Speaker
Description
Lattice Quantum Chromodynamics (LQCD) is the lattice discretization of QCD theory, the mathematically formulation that describes the strong interactions between elementary particles. It is based on complex numerical algorithms that comes from a similarity one by one among the path integral in statistical mechanics and the Markov chain in the Monte Carlo algorithm. Solving QCD theory with Monte Carlo simulations it has a large computational cost and often these kinds of simulations have to be done in supercomputer with high computation speed and power. In addition to the complexity of formulating the theory in lattice, the computational cost is increased by the fact that in order to be as close as possible to the continuous limit we have to do simulations in as large lattices as possible. For these purposes we bring in this paper a study that present the efficacity of FermiQCD software when it is used in parallel cores. This paper gives a very good start point for lattice QCD community that a very optimal way to win time and computational cost it is to use parallel simulations using the most appropriate software for such kind of calculations such as FermiQCD. In our paper, FermiQCD software testing was done with quenched quantum chromodynamics simulations, in SU(3) gauge calibrations.
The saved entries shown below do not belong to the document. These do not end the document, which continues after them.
Lemma count_agree_Rperm_notin S c w P : c \notin S -> w c = false ->
  count (agree S w \o Rperm c) P
  = count (agree (c |: S) w) P + count (agree (c |: S) (flips S (flip_fun c w))) P.
Proof.
move=> cNS wc; have ne_c j : j \in S -> (j == c) = false.
  by move=> jS; apply: contraNF cNS => /eqP <-.
rewrite [LHS](count_split _ (fun z => ~~ z c)); congr (_ + _); apply: eq_count => z /=;
  rewrite (agreeD1 _ _ (setU11 c S)) setU1K // ?negbK ?ffunE ?(negbTE cNS) ?eqxx wc.
- case zc: (z c); rewrite /= ?andbF ?andbT //.
  by apply: eq_forallb_in => j jS; rewrite permE ffunE ne_c // zc addbF.
- case zc: (z c); rewrite /= ?andbF ?andbT //.
  apply: eq_forallb_in => j jS; rewrite permE !ffunE ne_c // jS zc.
  by case: (z j); case: (w j).
Qed.

Lemma has_strength_cperm m P s : has_strength m P -> has_strength m (map (cperm s) P).
Proof.
move=> Pm S leS w; rewrite count_map size_map.
have cardsS : #|s @: S| = #|S| by rewrite card_imset //; apply: perm_inj.
have := Pm (s @: S); rewrite cardsS => /(_ leS (cperm s^-1 w)) <-.
by congr (_ * _); apply: eq_count => z; rewrite /= agree_cperm.
Qed.

Lemma has_strength_flip m P i : has_strength m P -> has_strength m (map (flip i) P).
Proof.
move=> Pm S leS w; rewrite count_map size_map -(Pm _ leS (flip i w)).
by congr (_ * _); apply: eq_count => z; rewrite /= agree_flip.
Qed.

Lemma has_strength_Rperm m P c :
  ~~ odd m -> has_strength m P -> has_strength m (map (Rperm c) P).
Proof.
move=> evm Pm S leS w; rewrite count_map size_map.
have [cS|cNS] := boolP (c \in S).
  rewrite -(Pm _ leS (Rperm c w)); congr (_ * _).
  by apply: eq_count => z; exact: agree_Rperm_in.
pose w0 : {ffun 'I_k -> bool} := [ffun j => (j != c) && w j].
have w0E : agree S w =1 agree S w0.
  move=> z; apply: eq_forallb_in => j jS.
  by rewrite ffunE (_ : j != c) //; apply: contraNneq cNS => <-.
rewrite (eq_count (a2 := agree S w0 \o Rperm c)) => [|z]; last exact: w0E.
rewrite count_agree_Rperm_notin ?ffunE ?eqxx //.
have cardT : #|c |: S| = #|S|.+1 by rewrite cardsU1 cNS.
move: leS; rewrite leq_eqVlt => /orP[/eqP eqS|ltS]; last first.
  by apply: sum_of_halves; rewrite -cardT; apply: Pm; rewrite cardT.
have marg j v : j \in c |: S -> count (agree ((c |: S) :\ j) v) P = size P %/ 2 ^ m.
  move=> jT; have cardTj : #|(c |: S) :\ j| = m.
    by move: cardT; rewrite (cardsD1 j) jT eqS => -[].
  by have := Pm _ (eq_leq cardTj) v; rewrite cardTj => <-; rewrite mulnK ?expn_gt0.
rewrite (count_agree_flips_even _ marg) ?subsetUr ?eqS //.
by rewrite -(count_agreeD1 _ _ (setU11 c S)) setU1K // -eqS -(eq_count w0E) Pm ?eqS.
Qed.

Lemma has_strength_GOD m P g : ~~ odd m -> g \in GOD k ->
  has_strength m P -> has_strength m (map g P).
Proof.
move=> evm g_GOD; move: g g_GOD P; apply: GOD_ind => [|g h IH h_gen] P.
  by rewrite (eq_map (@perm1 _)) map_id.
move=> /IH; rewrite (eq_map (permM g h)) (map_comp h g).
case/setUP: h_gen => [/setUP[]|] /imsetP[x _ ->].
- exact: has_strength_cperm.
- exact: has_strength_flip.
- exact: has_strength_Rperm.
Qed.

End Strength.

Definition pts N k (W : 'M[int]_(N, k)) : seq {ffun 'I_k -> bool} :=
  map (@toPt k) (rows W).

Lemma size_pts N k (W : 'M[int]_(N, k)) : size (pts W) = N.
Proof. by rewrite /pts /rows !size_map -enumT size_enum_ord. Qed.

Lemma pts_actOD N k g (W : 'M[int]_(N, k)) : pts (actOD g W) = map g (pts W).
Proof. by rewrite /pts /rows -!map_comp; apply: eq_map => i; apply: toPt_actOD. Qed.

Lemma pm1_eq_sgnb x b : pm1 x -> (x == sgnb b) = ((x == (-1)%R) == b).
Proof. by move/pm1E => {1}->; rewrite (inj_eq sgnb_inj). Qed.

Lemma card_rows_agree N k t (X : 'M[int]_(N, k)) (c : 'I_t -> 'I_k) v
    (w : {ffun 'I_k -> bool}) :
  pm1mx X -> (forall j, v j = sgnb (w (c j))) ->
  #|[set i | [forall j, X i (c j) == v j]]| = count (agree (c @: [set: 'I_t]) w) (pts X).
Proof.
move=> /pm1mxP X_pm1 vE; rewrite cardsE cardE /enum_mem size_filter !count_map.
apply: eq_count => i /=; apply/forallP/forall_inP => [Xv _ /imsetP[j _ ->] | Xw j].
  by have := Xv j; rewrite vE pm1_eq_sgnb // !ffunE mxE.
by have := Xw _ (imset_f c (in_setT j)); rewrite vE pm1_eq_sgnb // !ffunE mxE.
Qed.

Lemma isOA2_has_strength N k t (X : 'M[int]_(N, k)) :
  pm1mx X -> t <= k -> isOA2 t X <-> has_strength t (pts X).
Proof.
move=> X_pm1 le_tk; split=> [[_ _ XOA] | Xt].
  apply: has_strength_exact => // S cardS w.
  pose c (j : 'I_t) : 'I_k := enum_val (cast_ord (esym cardS) j).
  have c_inj : injective c by move=> j1 j2 /enum_val_inj /cast_ord_inj.
  have cE : c @: [set: 'I_t] = S.
    apply/eqP; rewrite eqEcard card_imset // cardsT card_ord cardS leqnn andbT.
    by apply/subsetP => _ /imsetP[j _ ->]; apply: enum_valP.
  rewrite size_pts -cE -(card_rows_agree (v := fun j => sgnb (w (c j)))) //.
  by apply: XOA => // j; apply: pm1_sgnb.
split=> // c c_inj v v_pm1.
pose w : {ffun 'I_k -> bool} := [ffun x => [exists j, (c j == x) && (v j == (-1)%R)]].
have vE j : v j = sgnb (w (c j)).
  rewrite (pm1E (v_pm1 j)) ffunE; congr sgnb; apply/idP/existsP => [vj|[j']].
    by exists j; rewrite eqxx.
  by case/andP => /eqP/c_inj ->.
have cardc : #|c @: [set: 'I_t]| = t by rewrite card_imset // cardsT card_ord.
have := Xt _ (eq_leq cardc) w; rewrite cardc size_pts => XtE.
by rewrite (card_rows_agree _ vE).
Qed.

Theorem theorem6 (N k t : nat) (Y X : 'M[int]_(N, k)) :
  (1 <= t)%N -> isOA2 t Y -> pm1mx X ->
  (od_equiv X Y <->
     exists2 g, g \in GOD k & perm_eq (rows X) (rows (actOD g Y)))
  /\ (od_equiv X Y -> isOA2 (2 * t./2) X).
Proof.
move=> _ Y_OA X_pm1; have [Y_pm1 le_tk _] := Y_OA.
split; first split.
- exact: GOD_od_equiv.
- by case=> g; apply: od_equiv_GOD.
case/(GOD_od_equiv X_pm1 Y_pm1) => g g_GOD XgY.
have le_t2t : 2 * t./2 <= t by rewrite mul2n -[leqRHS](odd_double_half t) leq_addl.
apply/isOA2_has_strength => //; first exact: leq_trans le_t2t le_tk.
apply: has_strength_perm (_ : perm_eq (pts (actOD g Y)) (pts X)) _.
  by rewrite perm_sym; apply: perm_map.
rewrite pts_actOD; apply: has_strength_GOD g_GOD _; first by rewrite mul2n odd_double.
by apply: has_strength_mono le_t2t _; apply/isOA2_has_strength.
Qed.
One of the main advantages of FermiQCD over other libraries is the fact that it is based on a simple object-oriented programming structure as opposed to a "procedural" design. The results shows that this software is on of the optimal parallelized soft as for now in the research field of lattice QCD community. We found out that this software has a very good scaling for number of cores up to five. The computing time of the computation decreases exponentially with the increase of the number of processors used for a node, for a fixed lattice volume. All parallel simulations are done under High Performance Computing Project for South East European countries.